Background: Infections by Staphylococcus aureus are continued as a real issue especially in hospital-acquired disease. It can produce virulent factors that can be controlled by the accessory gene regulator (agr), and it can be affected by mobile genetic elements (MGEs). It should be known their mechanism in local isolates as it is crucial for monitoring infections and treatment approaches.

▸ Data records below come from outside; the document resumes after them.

(* For an integer $N\geq2$ let $$L^\star(N)=\max\Big\{(N_1+1)(N_3(N_1+N_2)+3N_2+3)-5\ :\ N_1,N_3\in\mathbb{N},\ N_2\in\mathbb{N}_+,\ 2(2N_1+N_2)+N_3(N_1+1)=N\Big\}.$$ Then $\lim_{N\to\infty}\frac{N^2}{2(2L^\star(N)+1)}=\frac{23}{12}$.
   Context: $L^\star(N)$ is the largest aperture of a Kl{\o}ve array (parameters $N_1,N_2,N_3$) with $N$ sensors; since this array has a contiguous sum co-array, its number of contiguous degrees of freedom is $H=2L^\star(N)+1$ and the asymptotic redundancy is $R_\infty=\lim_{N\to\infty}N^2/(2H)$. *)

From mathcomp Require Import all_boot all_order all_algebra.
From mathcomp Require Import all_classical all_reals all_analysis.
Set Implicit Arguments. Unset Strict Implicit. Unset Printing Implicit Defensive.

Definition klove_adm (N N1 N2 N3 : nat) : bool :=
  (0 < N2) && (2 * (2 * N1 + N2) + N3 * (N1 + 1) == N).

(* Aperture (N1+1)(N3(N1+N2)+3N2+3) - 5; the subtracted quantity is >= 6
   whenever N2 >= 1, so the truncated subtraction is exact. *)
Definition klove_aperture (N1 N2 N3 : nat) : nat :=
  (N1 + 1) * (N3 * (N1 + N2) + 3 * N2 + 3) - 5.

(* L*(N): maximum over admissible parameters. Every admissible parameter is
   bounded by N, so ranging over 'I_(N+1)^3 covers all of them. *)
Definition Lstar (N : nat) : nat :=
  \max_(p : 'I_(N.+1) * 'I_(N.+1) * 'I_(N.+1) | klove_adm N p.1.1 p.1.2 p.2)
     klove_aperture p.1.1 p.1.2 p.2.

From mathcomp Require Import all_boot all_order all_algebra.
From mathcomp Require Import all_classical all_reals all_analysis.
From mathcomp Require Import zify ring lra.
Set Implicit Arguments. Unset Strict Implicit. Unset Printing Implicit Defensive.
Import Order.TTheory GRing.Theory Num.Theory numFieldNormedType.Exports.

(* The limit N^2 / (2(2 L*(N) + 1)) --> 23/12 follows from the two-sided
   estimate   3 N^2 - 23*305 <= 23 L*(N) <= 3 (N + 6)^2   (N >= 69).
   Upper bound: with A = N1+1, B = N2+1, y = N3 (N1+1) we have N + 6 = 4A+2B+y
   and aperture + 5 <= y (A+B) + 3AB; the quadratic form
   3 (4A+2B+y)^2 - 23 (y(A+B) + 3AB) is a sum of squares, so every admissible
   aperture is at most 3 (N+6)^2 / 23.
   Lower bound: the explicit parameters N3 = 9, N1 ~ N/23 (adjusted by parity
   so that N2 is an integer) are admissible, and with N = 23 N1 + e, -23 <= e <= 22,
   their aperture is 3N^2/23 + O(N1) with a nonnegative linear error term. *)

Section PolynomialInequalities.
Local Open Scope ring_scope.

Lemma aperture_form_sos (R : comPzRingType) (A B y : R) :
  12 * (3 * (4 * A + 2 * B + y) ^+ 2 - 23 * (y * (A + B) + 3 * A * B)) =
  (6 * y + A - 11 * B) ^+ 2 + 23 * (5 * A - B) ^+ 2.
Proof. by ring. Qed.

Lemma aperture_form_le (R : realDomainType) (A B y : R) :
  23 * (y * (A + B) + 3 * A * B) <= 3 * (4 * A + 2 * B + y) ^+ 2.
Proof.
rewrite -subr_ge0 -(pmulr_rge0 _ (ltr0Sn R 11)) aperture_form_sos.
by rewrite addr_ge0 ?sqr_ge0 // mulr_ge0 ?sqr_ge0.
Qed.

(* Certificate behind the lower bound: the aperture of the parameters
   (n, N2, 9) with N = 23 n + e, written in terms of n and e. *)
Lemma witness_form_identity (R : comPzRingType) (n e : R) :
  23 * ((n + 1) * (69 * n + 6 * e - 51) - 5 + 305) - 3 * (23 * n + e) ^+ 2 =
  414 * n + 3 * (e + 23) * (22 - e) + 141 * (e + 23) + 966.
Proof. by ring. Qed.

Lemma witness_form_le (R : realDomainType) (n e : R) :
  0 <= n -> -23 <= e <= 22 ->
  3 * (23 * n + e) ^+ 2 <= 23 * ((n + 1) * (69 * n + 6 * e - 51) - 5 + 305).
Proof.
move=> n_ge0 /andP[e_lo e_hi]; rewrite -subr_ge0 witness_form_identity.
have range_prod : 0 <= (e + 23) * (22 - e) by apply: mulr_ge0; lra.
by lra.
Qed.

End PolynomialInequalities.

Lemma aperture_ub (N N1 N2 N3 : nat) : klove_adm N N1 N2 N3 ->
  23 * klove_aperture N1 N2 N3 <= 3 * (N + 6) ^ 2.
Proof.
rewrite /klove_adm /klove_aperture => /andP[_ /eqP <-].
have aperture_le_form : (N1 + 1) * (N3 * (N1 + N2) + 3 * N2 + 3) <=
    N3 * (N1 + 1) * ((N1 + 1) + (N2 + 1)) + 3 * (N1 + 1) * (N2 + 1).
  by nia.
have := aperture_form_le (Posz (N1 + 1)) (Posz (N2 + 1)) (Posz (N3 * (N1 + 1))).
by lia.
Qed.

Lemma Lstar_ub (N : nat) : 23 * Lstar N <= 3 * (N + 6) ^ 2.
Proof.
apply: (big_ind (fun L => 23 * L <= 3 * (N + 6) ^ 2)) => // [L1 L2|p].
- by rewrite maxnMr geq_max => -> ->.
- exact: aperture_ub.
Qed.

Lemma aperture_le_Lstar (N N1 N2 N3 : nat) : klove_adm N N1 N2 N3 ->
  klove_aperture N1 N2 N3 <= Lstar N.
Proof.
move=> adm; have /andP[_ /eqP hN] := adm.
have N1_le : N1 < N.+1 by lia.
have N2_le : N2 < N.+1 by lia.
have N3_le : N3 < N.+1 by nia.
exact: (@leq_bigmax_cond _
  (fun p : 'I_N.+1 * 'I_N.+1 * 'I_N.+1 => klove_adm N p.1.1 p.1.2 p.2)
  (fun p => klove_aperture p.1.1 p.1.2 p.2)
  (Ordinal N1_le, Ordinal N2_le, Ordinal N3_le)).
Qed.

(* Near-optimal parameters with N3 = 9: N1 is N/23 or N/23 + 1, whichever
   makes N - 13 N1 - 9 even, and N2 is determined by N. *)
Definition witness_N1 (N : nat) : nat := N %/ 23 + (N + N %/ 23 + 1) %% 2.
Definition witness_N2 (N : nat) : nat := (N - 13 * witness_N1 N - 9) %/ 2.

Lemma witness_spec (N : nat) : 69 <= N ->
  let N1 := witness_N1 N in let N2 := witness_N2 N in
  [/\ N = 13 * N1 + 2 * N2 + 9, 0 < N2,
      10 * N1 <= 2 * N2 + 32 & 2 * N2 <= 10 * N1 + 13].
Proof. by rewrite /witness_N2 /witness_N1 => N_ge /=; split; lia. Qed.

(* The two range conditions say e = N - 23 N1 lies in [-23, 22]. *)
Lemma witness_aperture_lb (N1 N2 : nat) :
  10 * N1 <= 2 * N2 + 32 -> 2 * N2 <= 10 * N1 + 13 ->
  3 * (13 * N1 + 2 * N2 + 9) ^ 2 <= 23 * (klove_aperture N1 N2 9 + 305).
Proof.
rewrite /klove_aperture => e_lo e_hi.
have e_range : ((-23 : int) <= 2 * Posz N2 + 9 - 10 * Posz N1 <= 22)%R.
  by apply/andP; split; lia.
have := witness_form_le (ler0n int N1) e_range.
by lia.
Qed.

Lemma Lstar_lb (N : nat) : 69 <= N -> 3 * N ^ 2 <= 23 * (Lstar N + 305).
Proof.
move=> /witness_spec [hN N2_gt0 e_lo e_hi].
have adm : klove_adm N (witness_N1 N) (witness_N2 N) 9.
  by rewrite /klove_adm N2_gt0; apply/eqP; lia.
rewrite {1}hN; apply: leq_trans (witness_aperture_lb e_lo e_hi) _.
by rewrite leq_mul2l leq_add2r (aperture_le_Lstar adm) orbT.
Qed.

Local Open Scope ring_scope.
Local Open Scope classical_set_scope.

Lemma ratio_error_le (R : realFieldType) (x l : R) : 200 <= x ->
  23 * l <= 3 * (x + 6) ^+ 2 -> 3 * x ^+ 2 <= 23 * (l + 305) ->
  `|23 / 12 - x ^+ 2 / (2 * (2 * l + 1))| <= 100 / x.
Proof.
move=> x_ge hub hlb.
have x_gt0 : 0 < x by lra.
have d_gt0 : 0 < 2 * (2 * l + 1) by nra.
set d := 2 * (2 * l + 1) in d_gt0 *.
have scale_gt0 : 0 < 12 * d * x by nra.
rewrite ler_norml -(ler_pM2r scale_gt0) -[X in _ && X](ler_pM2r scale_gt0) mulNr.
have -> : (23 / 12 - x ^+ 2 / d) * (12 * d * x) = 23 * d * x - 12 * x ^+ 3.
  by field; rewrite gt_eqF.
have -> : (100 / x) * (12 * d * x) = 1200 * d by field; rewrite gt_eqF.
by rewrite /d; apply/andP; split; nra.
Qed.

Lemma cvg_of_rate (R : realType) (u : nat -> R) (l C : R) (n0 : nat) :
  (forall n, (n0 <= n)%N -> `|l - u n| <= C / n%:R) -> u @ \oo --> l.
Proof.
move=> rate; apply/cvgrPdist_le => eps eps_gt0.
exists (maxn n0 (Num.truncn (C / eps)).+1) => // n /=.
rewrite geq_max => /andP[n0n]; rewrite -(ler_nat R) => n_ge.
apply: le_trans (rate n n0n) _.
have n_gt0 : 0 < n%:R :> R by apply: lt_le_trans n_ge; rewrite ltr0Sn.
rewrite ler_pdivrMr // -ler_pdivrMl // mulrC.
exact/ltW/(lt_le_trans (truncnS_gt _)).
Qed.

Theorem mainTheorem11 (R : realType) :
  (fun N : nat => ((N ^ 2)%N%:R : R) / ((2 * (2 * Lstar N + 1))%N%:R))
    @ \oo --> (23%:R / 12%:R : R).
Proof.
apply: (@cvg_of_rate _ _ _ 100 200) => n n_ge.
rewrite (natrX R n 2) natrM natrD natrM; apply: ratio_error_le.
- by rewrite ler_nat.
- by move: (Lstar_ub n); rewrite -(ler_nat R) !natrM natrD -expr2.
- have n_ge69 : (69 <= n)%N by apply: leq_trans n_ge.
  by move: (Lstar_lb n_ge69); rewrite -(ler_nat R) !natrM natrD -expr2.
Qed.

Objectives: To evaluate S. aureus prevalence in clinical samples and to discover the consequence of the agr system and MGEs in regulating virulence.


Methods: Microbiological procedures were used to gather clinical samples. Also, molecular assays were accomplished to determine agr types, key virulence-associated genes, and MGEs. The data of this study was evaluated to estimate the association among agr function, virulence gene distribution, and resistance traits.


Results: Most clinical samples contain active agr system, with major of agr group I. Virulence factors like enterotoxins, hemolysins, and adhesion-associated genes were extensively spread. MGEs such as pathogenic islands and plasmids were detected and cause antimicrobial resistance and virulence expression. Interestingly, in the isolated samples, active agr systems present a significant association with toxin production more than those with dysfunctional variants.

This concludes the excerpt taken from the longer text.